* [HOW TO COMPLETE THIS TASK]:
Two lines below mark the span: the one containing "odflt false (omap" and the one containing "rewrite sum_nones_negb -/(nones _ w).". Set down both, plus every line between, exactly as they stand, and nothing else.

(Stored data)
------------------------------------------------

(* Let $n\ge1$, $q\in[0,1]$, and let $\mu_q$ be the probability distribution on $\{z\in\{0,1\}^{2n}:\mathrm{wt}(z)=n\}$ defined by $\mu_q(z)\propto q^{-2A(z)}$ if $0<q\le1$, and $\mu_0=\delta_{z,0^n1^n}$. Then for every $w\in\{1,\dots,2n\}$, $$\mu_q\Bigl(\#\{k\le w: z_k=1\}\;\le\;\#\{k\le w-1:z_k=0\}\Bigr)\;\ge\;\tfrac12 .$$ (Geometrically: in the state $\sum_z q^{-A(z)}|x,z\rangle_V$, the $w$-th particle is found in the left half of the grid with probability at least $1/2$.)
   Context: $A(z)=\sum_{j=1}^{2n}jz_j-\frac{n(n+1)}{2}$ for $z\in\{0,1\}^{2n}$ of Hamming weight $n$. A string $z$ is identified with the monotone lattice path in the rotated $n\times n$ grid from the top vertex $(0,0)$ to the bottom vertex $(n,n)$ whose $k$-th step goes from $(i,j)$ to $(i+1-z_k,j+z_k)$; $A(z)$ is the number of unit squares of the grid lying to the right of this path. The $w$-th step (edge) has horizontal coordinate $t=n+j-i+z_w$, where $(i,j)$ is its starting vertex, and lies in the left half of the grid iff $t\le n$, which is exactly the displayed event. *)

From HB Require Import structures.
From mathcomp Require Import all_boot all_order all_algebra.
Set Implicit Arguments. Unset Strict Implicit. Unset Printing Implicit Defensive.
Import Order.TTheory GRing.Theory Num.Theory.

(* Binary strings z in {0,1}^{2n}; position j (1-based, as in the paper)
   is the ordinal i : 'I_(2*n) with j = i + 1. *)
Definition bstring (n : nat) := {ffun 'I_(2 * n) -> bool}.

Definition hweight n (z : bstring n) : nat := \sum_(i < 2 * n) (z i : nat).

Definition Aval n (z : bstring n) : nat :=
  (\sum_(i < 2 * n) i.+1 * (z i : nat)) - (n * n.+1) %/ 2.

Definition zmin n : bstring n := [ffun i : 'I_(2 * n) => n <= i].

(* mu_q(z): for 0 < q, proportional to q^{-2A(z)} on strings of weight n;
   for q = 0, the point mass at 0^n 1^n. (Only evaluated on weight-n z.) *)
Definition mu (R : realFieldType) n (q : R) (z : bstring n) : R :=
  (if q == 0 then (z == zmin n)%:R
  else q ^- (2 * Aval z)%N /
       \sum_(y : bstring n | hweight y == n) q ^- (2 * Aval y)%N)%R.

(* #{k <= w : z_k = 1} (1-based k), i.e. 0-based indices i < w *)
Definition ones_upto n (z : bstring n) (w : nat) : nat :=
  #|[set i : 'I_(2 * n) | (i < w) && z i]|.
(* #{k <= w-1 : z_k = 0} (1-based k), i.e. 0-based indices i < w - 1 *)
Definition zeros_upto n (z : bstring n) (w : nat) : nat :=
  #|[set i : 'I_(2 * n) | (i < w.-1) && ~~ z i]|.

Definition left_prob (R : realFieldType) n (q : R) (w : nat) : R :=
  (\sum_(z : bstring n | (hweight z == n) && (ones_upto z w <= zeros_upto z w)%N)
     mu q z)%R.

(** The event is a condition on the height walk [H(m) = #0s - #1s] among the
    first [m] letters: it holds iff [H(w-1) >= 0] and [H(w) >= 0].  On the
    complementary event both heights are [<= 0]; reflecting the walk on the
    excursion around [w], from its last zero before [w-1] to its first zero
    after [w], is an involution that preserves the weight, lands in the event,
    and can only decrease [sum_m #1s(m)], i.e. increase [A].  Since [q <= 1],
    [mu_q] is nondecreasing in [A], so the complement has at most the mass of
    the event. *)
From HB Require Import structures.
From mathcomp Require Import all_boot all_order all_algebra.
From mathcomp Require Import zify lra.
Import Order.TTheory GRing.Theory Num.Theory.
Set Implicit Arguments. Unset Strict Implicit.

Lemma ler_sum_of_inj (R : numDomainType) (T : finType) (D E : pred T)
    (f : T -> R) (phi : T -> T) :
  injective phi ->
  (forall z, D z -> ~~ E z -> D (phi z) && E (phi z)) ->
  (forall z, D z -> ~~ E z -> f z <= f (phi z))%R ->
  (forall z, D z -> 0 <= f z)%R ->
  (\sum_(z | D z && ~~ E z) f z <= \sum_(z | D z && E z) f z)%R.
Proof.
move=> phi_inj phiDE f_le f_ge0.
rewrite [leRHS](reindex_inj phi_inj) /=.
apply: (@le_trans _ _ (\sum_(z | D z && ~~ E z) f (phi z))%R).
  by apply: ler_sum => z /andP[]; apply: f_le.
rewrite [leLHS]big_mkcond [leRHS]big_mkcond /=; apply: ler_sum => z _.
case: ifP => [/andP[Dz nEz]|_]; first by rewrite phiDE.
by case: ifP => // /andP[Dphiz _]; apply: f_ge0.
Qed.

Section HeightWalk.

Implicit Types (g : nat -> bool) (m : nat).

Definition nones g m : nat := \sum_(i < m) (g i : nat).

Definition height g m : int := (Posz m - Posz (nones g m) * 2)%R.

Lemma nonesS g m : nones g m.+1 = nones g m + g m.
Proof. by rewrite /nones big_ord_recr. Qed.

Lemma nones_le g m : nones g m <= m.
Proof.
elim: m => [|m IH]; first by rewrite /nones big_ord0.
by rewrite nonesS; case: (g m) => /=; lia.
Qed.

Lemma height0 g : height g 0 = 0%R.
Proof. by rewrite /height /nones big_ord0. Qed.

Lemma heightS g m : height g m.+1 = (height g m + (if g m then -1 else 1))%R.
Proof. by rewrite /height nonesS; case: (g m) => /=; lia. Qed.

Lemma sum_nones_negb g m : \sum_(i < m) (~~ g i : nat) = m - nones g m.
Proof.
elim: m => [|m IH]; first by rewrite big_ord0.
by rewrite big_ord_recr /= IH nonesS; have := nones_le g m; case: (g m) => /=; lia.
Qed.

(* Summation by parts; it relates [A] to the area [sum_m nones g m]. *)
Lemma weighted_ones_add_sum_nones g m :
  \sum_(i < m) i.+1 * g i + \sum_(k < m) nones g k = m * nones g m.
Proof.
elim: m => [|m IH]; first by rewrite !big_ord0.
rewrite !big_ord_recr /= nonesS; move: IH.
set S := \sum_(i < m) _; set T := \sum_(i < m) _; clearbody S T.
by case: (g m) => /=; nia.
Qed.

Lemma heights_le0_of_not_ge0 g m : 0 < m ->
  ~~ ((0 <= height g m.-1)%R && (0 <= height g m)%R) ->
  (height g m.-1 <= 0)%R /\ (height g m <= 0)%R.
Proof.
case: m => // m _ /=; rewrite heightS.
by case: (g m) => /=; rewrite negb_and => /orP[] h; lia.
Qed.

Fixpoint last_zero g M : nat :=
  if M is k.+1 then (if height g k.+1 == 0%R then k.+1 else last_zero g k) else 0.

Lemma last_zero_le g M : last_zero g M <= M.
Proof. by elim: M => //= k IH; case: ifP => // _; lia. Qed.

Lemma height_last_zero g M : height g (last_zero g M) = 0%R.
Proof. by elim: M => [|k IH] /=; [exact: height0 | case: ifP => // /eqP]. Qed.

Lemma height_neq0_after_last_zero g M k :
  last_zero g M < k <= M -> height g k != 0%R.
Proof.
elim: M => [|M IH] /=; first lia.
case: ifP => [_|/negbT hM]; first lia.
by move=> hk; have [->//|neM] := eqVneq k M.+1; apply: IH; lia.
Qed.

Variable w : nat.

Definition arc_start g := last_zero g w.-1.

Fixpoint no_return g m : bool :=
  if m is k.+1 then no_return g k && ((k < w) || (height g k != 0%R)) else true.

Definition in_arc g m := (arc_start g <= m) && no_return g m.

Definition flip_bit g i := (arc_start g <= i) && no_return g i.+1.

Lemma no_return_before g m : m <= w -> no_return g m.
Proof. by elim: m => //= m IH hm; rewrite IH; [apply/orP; left|]; lia. Qed.

Lemma in_arc_around g m : w.-1 <= m <= w -> in_arc g m.
Proof.
move=> hm; rewrite /in_arc no_return_before ?andbT; last lia.
by have := last_zero_le g w.-1; rewrite /arc_start; lia.
Qed.

Lemma height_le0_after g : (height g w <= 0)%R ->
  forall m, w <= m -> no_return g m -> (height g m <= 0)%R.
Proof.
move=> hw m /subnKC <-; elim: (m - w) => [|d IH]; first by rewrite addn0.
rewrite addnS /= => /andP[hn /orP[|hne]]; first lia.
by have := IH hn; rewrite heightS; move: hne; case: (g (w + d)) => /=; lia.
Qed.

(* The walk has no zero in [(arc_start g, w.-1]], so it cannot change sign there. *)
Lemma height_le0_before g : (height g w.-1 <= 0)%R ->
  forall m, arc_start g <= m <= w.-1 -> (height g m <= 0)%R.
Proof.
move=> hw1 m /andP[hstart hm].
have [d hd] : exists d, m + d = w.-1 by exists (w.-1 - m); lia.
elim: d m hstart {hm} hd => [|d IH] k hk hkd; first by rewrite -(addn0 k) hkd.
have hk1 := IH k.+1 ltac:(lia) ltac:(lia).
have : height g k.+1 != 0%R.
  by apply: (@height_neq0_after_last_zero _ w.-1); rewrite -/(arc_start g); lia.
by move: hk1; rewrite heightS; case: (g k) => /=; lia.
Qed.

Lemma height_in_arc_le0 g :
  (height g w.-1 <= 0)%R -> (height g w <= 0)%R ->
  forall m, in_arc g m -> (height g m <= 0)%R.
Proof.
move=> hw1 hw m /andP[start_le nr]; case: (leqP w m) => hwm.
  exact: height_le0_after.
by apply: height_le0_before; lia.
Qed.

Section Reflection.

Variables (N : nat) (g g' : nat -> bool).
Hypothesis g'E : forall i, i < N -> g' i = g i (+) flip_bit g i.

(* The flipping starts at [arc_start g] and stops at a return to 0, and at
   both ends the height is 0, so [- height = height] there. *)
Lemma height_reflect m : m <= N ->
  height g' m = if in_arc g m then (- height g m)%R else height g m.
Proof.
elim: m => [|m IH] hm; first by rewrite !height0; case: ifP.
rewrite !heightS IH ?g'E; try lia.
rewrite /flip_bit /in_arc /=.
have := height_last_zero g w.-1; rewrite -/(arc_start g) => hz.
case ha: (arc_start g <= m); case ha1: (arc_start g <= m.+1);
  case hn: (no_return g m) => /=; try lia;
  try (have e : arc_start g = m.+1 by lia); try rewrite e heightS in hz;
  case: (g m) hz => /=; case: (m < w) => /=;
  case: (eqVneq (height g m) 0%R) => [->|] /=; lia.
Qed.

Lemma height_eq0_reflect m : m <= N -> (height g' m == 0%R) = (height g m == 0%R).
Proof. by move=> hm; rewrite height_reflect //; case: ifP; rewrite ?oppr_eq0. Qed.

Lemma last_zero_reflect M : M <= N -> last_zero g' M = last_zero g M.
Proof. by elim: M => //= M IH hM; rewrite height_eq0_reflect // IH //; lia. Qed.

Lemma no_return_reflect m : m <= N -> no_return g' m = no_return g m.
Proof. by elim: m => //= m IH hm; rewrite IH ?height_eq0_reflect //; lia. Qed.

Lemma flip_bit_reflect i : w.-1 <= N -> i < N -> flip_bit g' i = flip_bit g i.
Proof.
move=> hwN hi.
by rewrite /flip_bit /arc_start last_zero_reflect // no_return_reflect.
Qed.

End Reflection.
End HeightWalk.

Section Strings.

Variables (n w : nat).
Hypotheses (w_gt0 : 0 < w) (w_le : w <= 2 * n).

Definition path_of (z : bstring n) (i : nat) : bool :=
  odflt false (omap z (insub i : option 'I_(2 * n))).

Lemma path_of_ord z (j : 'I_(2 * n)) : path_of z j = z j.
Proof. by rewrite /path_of valK. Qed.

Lemma path_of_lt z i (hi : i < 2 * n) : path_of z i = z (Ordinal hi).
Proof. by rewrite /path_of insubT. Qed.

Lemma hweightE z : hweight z = nones (path_of z) (2 * n).
Proof. by apply: eq_bigr => i _; rewrite path_of_ord. Qed.

Lemma card_prefix (f : bool -> bool) (z : bstring n) m : m <= 2 * n ->
  #|[set i : 'I_(2 * n) | (i < m) && f (z i)]| = \sum_(i < m) (f (path_of z i) : nat).
Proof.
move=> hm; rewrite -sum1_card.
rewrite (big_ord_widen (2 * n) (fun i => (f (path_of z i) : nat)) hm).
rewrite big_mkcond [RHS]big_mkcond /=; apply: eq_bigr => i _.
by rewrite in_set path_of_ord; case: (i < m); case: (f (z i)).
Qed.

Definition in_event (z : bstring n) := ones_upto z w <= zeros_upto z w.

Lemma in_eventE z : in_event z =
  (0 <= height (path_of z) w.-1)%R && (0 <= height (path_of z) w)%R.
Proof.
rewrite /in_event /ones_upto /zeros_upto (card_prefix id) // (card_prefix negb); last lia.
rewrite sum_nones_negb -/(nones _ w).
move: w_gt0; case: w => // v _ /=; rewrite heightS nonesS /height.
by case: (path_of z v) => /=; apply/idP/idP; lia.
Qed.

Definition reflection (z : bstring n) : bstring n :=
  [ffun i : 'I_(2 * n) => z i (+) flip_bit w (path_of z) i].

Lemma path_of_reflection z i :
  i < 2 * n -> path_of (reflection z) i = path_of z i (+) flip_bit w (path_of z) i.
Proof. by move=> hi; rewrite !path_of_lt ffunE. Qed.

Lemma height_reflection z m : m <= 2 * n ->
  height (path_of (reflection z)) m =
  if in_arc w (path_of z) m then (- height (path_of z) m)%R else height (path_of z) m.
Proof. exact/height_reflect/path_of_reflection. Qed.

Lemma reflectionK : involutive reflection.
Proof.
move=> z; apply/ffunP => i; rewrite !ffunE.
rewrite (flip_bit_reflect (N := 2 * n) (path_of_reflection z)) //; last lia.
by rewrite -addbA addbb addbF.
Qed.

Lemma hweight_reflection z : hweight z = n -> hweight (reflection z) = n.
Proof.
rewrite !hweightE => hz; have := height_reflection z (leqnn _).
have -> : height (path_of z) (2 * n) = 0%R by rewrite /height hz; lia.
by rewrite oppr0 if_same /height; lia.
Qed.

Lemma in_event_reflection z : ~~ in_event z -> in_event (reflection z).
Proof.
rewrite !in_eventE => /(heights_le0_of_not_ge0 w_gt0)[hw1 hw].
by rewrite !height_reflection ?in_arc_around; lia.
Qed.

Lemma weighted_onesE (z : bstring n) :
  \sum_(i < 2 * n) i.+1 * z i = \sum_(i < 2 * n) i.+1 * path_of z i.
Proof. by apply: eq_bigr => i _; rewrite path_of_ord. Qed.

Lemma Aval_reflection z : hweight z = n -> ~~ in_event z ->
  Aval z <= Aval (reflection z).
Proof.
move=> hz hR; have hz' := hweight_reflection hz.
rewrite in_eventE in hR; have [hw1 hw] := heights_le0_of_not_ge0 w_gt0 hR.
have area_le : \sum_(k < 2 * n) nones (path_of (reflection z)) k
               <= \sum_(k < 2 * n) nones (path_of z) k.
  apply: leq_sum => k _; have := height_reflection z (ltnW (ltn_ord k)).
  by case: ifP => [/(height_in_arc_le0 hw1 hw)|_]; rewrite /height; lia.
rewrite /Aval leq_sub2r // !weighted_onesE.
have := weighted_ones_add_sum_nones (path_of z) (2 * n).
have := weighted_ones_add_sum_nones (path_of (reflection z)) (2 * n).
rewrite -!hweightE hz hz'; lia.
Qed.

End Strings.

Lemma nones_zmin n m : m <= 2 * n -> nones (path_of (zmin n)) m = m - n.
Proof.
elim: m => [|m IH] hm; first by rewrite /nones big_ord0.
by rewrite nonesS IH ?path_of_lt ?ffunE /=; lia.
Qed.

Lemma hweight_zmin n : hweight (zmin n) = n.
Proof. by rewrite hweightE nones_zmin //; lia. Qed.

Lemma in_event_zmin n w : 0 < n -> 0 < w <= 2 * n -> in_event w (zmin n).
Proof.
move=> n_gt0 /andP[w_gt0 w_le]; rewrite in_eventE // /height !nones_zmin; lia.
Qed.

Local Open Scope ring_scope.

Section Distribution.

Variables (R : realFieldType) (n : nat) (q : R).
Hypotheses (q_ge0 : 0 <= q) (q_le1 : q <= 1).

Lemma mu_ge0 (z : bstring n) : 0 <= mu q z.
Proof.
rewrite /mu; case: (q == 0); first by case: (z == zmin n).
by rewrite divr_ge0 ?sumr_ge0 // => *; rewrite invr_ge0 exprn_ge0.
Qed.

Lemma mu_total : \sum_(z : bstring n | hweight z == n) mu q z = 1.
Proof.
have zmin_n : hweight (zmin n) == n by rewrite hweight_zmin.
rewrite /mu; have [_|q_neq0] := eqVneq q 0.
  by rewrite (bigD1 (zmin n)) //= eqxx big1 ?addr0 // => z /andP[_ /negbTE ->].
rewrite -mulr_suml mulfV // (bigD1 (zmin n)) //= lt0r_neq0 // ltr_pwDl //.
  by rewrite invr_gt0 exprn_gt0 // lt_def q_neq0.
by rewrite sumr_ge0 // => *; rewrite invr_ge0 exprn_ge0.
Qed.

Lemma mu_le_Aval (y z : bstring n) : q != 0 -> (Aval y <= Aval z)%N -> mu q y <= mu q z.
Proof.
move=> q_neq0 le_yz; have q_gt0 : 0 < q by rewrite lt_def q_neq0.
rewrite /mu (negbTE q_neq0); apply: ler_wpM2r.
  by rewrite invr_ge0 sumr_ge0 // => *; rewrite invr_ge0 exprn_ge0.
rewrite lef_pV2 ?posrE ?exprn_gt0 // -(subnKC (_ : 2 * Aval y <= 2 * Aval z)%N).
  by rewrite exprD ler_piMr ?exprn_ge0 ?exprn_ile1.
by rewrite leq_mul2l.
Qed.

Lemma mu_reflection_ge w (z : bstring n) : (0 < n)%N -> (0 < w <= 2 * n)%N ->
  hweight z == n -> ~~ in_event w z -> mu q z <= mu q (reflection w z).
Proof.
move=> n_gt0 /andP[w_gt0 w_le] /eqP hz not_ev.
have [q0|q_neq0] := eqVneq q 0; last exact/mu_le_Aval/Aval_reflection.
rewrite /mu q0 eqxx; suff -> : (z == zmin n) = false by case: (_ == _).
by apply: contraNF not_ev => /eqP ->; apply: in_event_zmin; rewrite ?w_gt0.
Qed.

End Distribution.

Theorem mainTheorem6 (R : realFieldType) (n : nat) (q : R) (w : nat) :
  (1 <= n)%N -> 0 <= q -> q <= 1 -> (1 <= w <= 2 * n)%N ->
  2^-1 <= @left_prob R n q w.
Proof.
move=> n_gt0 q_ge0 q_le1 hw; have /andP[w_gt0 w_le] := hw.
have reflection_in_event (z : bstring n) : hweight z == n -> ~~ in_event w z ->
    (hweight (reflection w z) == n) && in_event w (reflection w z).
  by move=> /eqP hz not_ev; rewrite hweight_reflection // eqxx in_event_reflection.
have complement_le := ler_sum_of_inj (can_inj (reflectionK w_gt0 w_le))
  reflection_in_event (fun z => mu_reflection_ge q_ge0 q_le1 n_gt0 hw)
  (fun z _ => mu_ge0 q_ge0 z).
have := mu_total n q_ge0; rewrite (bigID (in_event w)) /=.
rewrite /left_prob; lra.
Qed.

------------------------------------------------

* [RESULT]:
  odflt false (omap z (insub i : option 'I_(2 * n))).

Lemma path_of_ord z (j : 'I_(2 * n)) : path_of z j = z j.
Proof. by rewrite /path_of valK. Qed.

Lemma path_of_lt z i (hi : i < 2 * n) : path_of z i = z (Ordinal hi).
Proof. by rewrite /path_of insubT. Qed.

Lemma hweightE z : hweight z = nones (path_of z) (2 * n).
Proof. by apply: eq_bigr => i _; rewrite path_of_ord. Qed.

Lemma card_prefix (f : bool -> bool) (z : bstring n) m : m <= 2 * n ->
  #|[set i : 'I_(2 * n) | (i < m) && f (z i)]| = \sum_(i < m) (f (path_of z i) : nat).
Proof.
move=> hm; rewrite -sum1_card.
rewrite (big_ord_widen (2 * n) (fun i => (f (path_of z i) : nat)) hm).
rewrite big_mkcond [RHS]big_mkcond /=; apply: eq_bigr => i _.
by rewrite in_set path_of_ord; case: (i < m); case: (f (z i)).
Qed.

Definition in_event (z : bstring n) := ones_upto z w <= zeros_upto z w.

Lemma in_eventE z : in_event z =
  (0 <= height (path_of z) w.-1)%R && (0 <= height (path_of z) w)%R.
Proof.
rewrite /in_event /ones_upto /zeros_upto (card_prefix id) // (card_prefix negb); last lia.
rewrite sum_nones_negb -/(nones _ w).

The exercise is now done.